== Segment start ==

(* Let $d \geq 2$ and let $\Gamma \leq \operatorname{GL}_d(\mathbb{Z})$ be a subgroup such that the linear action of $\Gamma$ on $\mathbb{R}^d$ is irreducible and $\Gamma$ is generated by a finite set of unipotent matrices. Then for every $v \in \mathbb{Z}^d \setminus \{0\}$ there exist a sequence $\gamma_1, \gamma_2, \ldots \in \Gamma$ and polynomials $p_1(t), \ldots, p_d(t) \in \mathbb{Z}[t]$ such that $\gamma_n v = (p_1(n), \ldots, p_d(n))$ for all $n \geq 1$, and $1, p_1(t), \ldots, p_d(t)$ are linearly independent (i.e., no non-trivial linear combination of $p_1, \ldots, p_d$ is constant). In particular the sequence $(\gamma_n v)_n$ is not contained in any proper affine subspace of $\mathbb{R}^d$. *)

From HB Require Import structures.
From mathcomp Require Import all_boot all_order all_algebra.
Set Implicit Arguments. Unset Strict Implicit. Unset Printing Implicit Defensive.
Import Order.TTheory GRing.Theory Num.Theory.
Local Open Scope ring_scope.

Definition unipotent (d : nat) (g : 'M[int]_d) : Prop :=
  exists k : nat, (g - 1%:M) ^+ k = 0.

Inductive gen_group (d : nat) (S : seq 'M[int]_d) : 'M[int]_d -> Prop :=
| gen_one : gen_group S 1%:M
| gen_mul g s : gen_group S g -> s \in S -> gen_group S (g *m s)
| gen_mulV g s : gen_group S g -> s \in S -> gen_group S (g *m invmx s).

Definition mxR (R : pzRingType) (d : nat) (g : 'M[int]_d) : 'M[R]_d :=
  map_mx (fun z : int => z%:~R) g.

(* A subspace is
   encoded as the row space of U; its transposes (the column vectors) are
   invariant under v |-> g v iff (U *m g^T <= U)%MS. *)
Definition irreducible_action (R : fieldType) (d : nat)
    (G : 'M[int]_d -> Prop) : Prop :=
  forall U : 'M[R]_d,
    (forall g, G g -> (U *m (mxR R g)^T <= U)%MS) ->
    U = 0 \/ row_full U.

== Segment end ==

--- EXERCISE AIM ---
The total wanted is the number of lines in the entries above that contain "From". Give it alone.

--- RESULT BELOW ---
2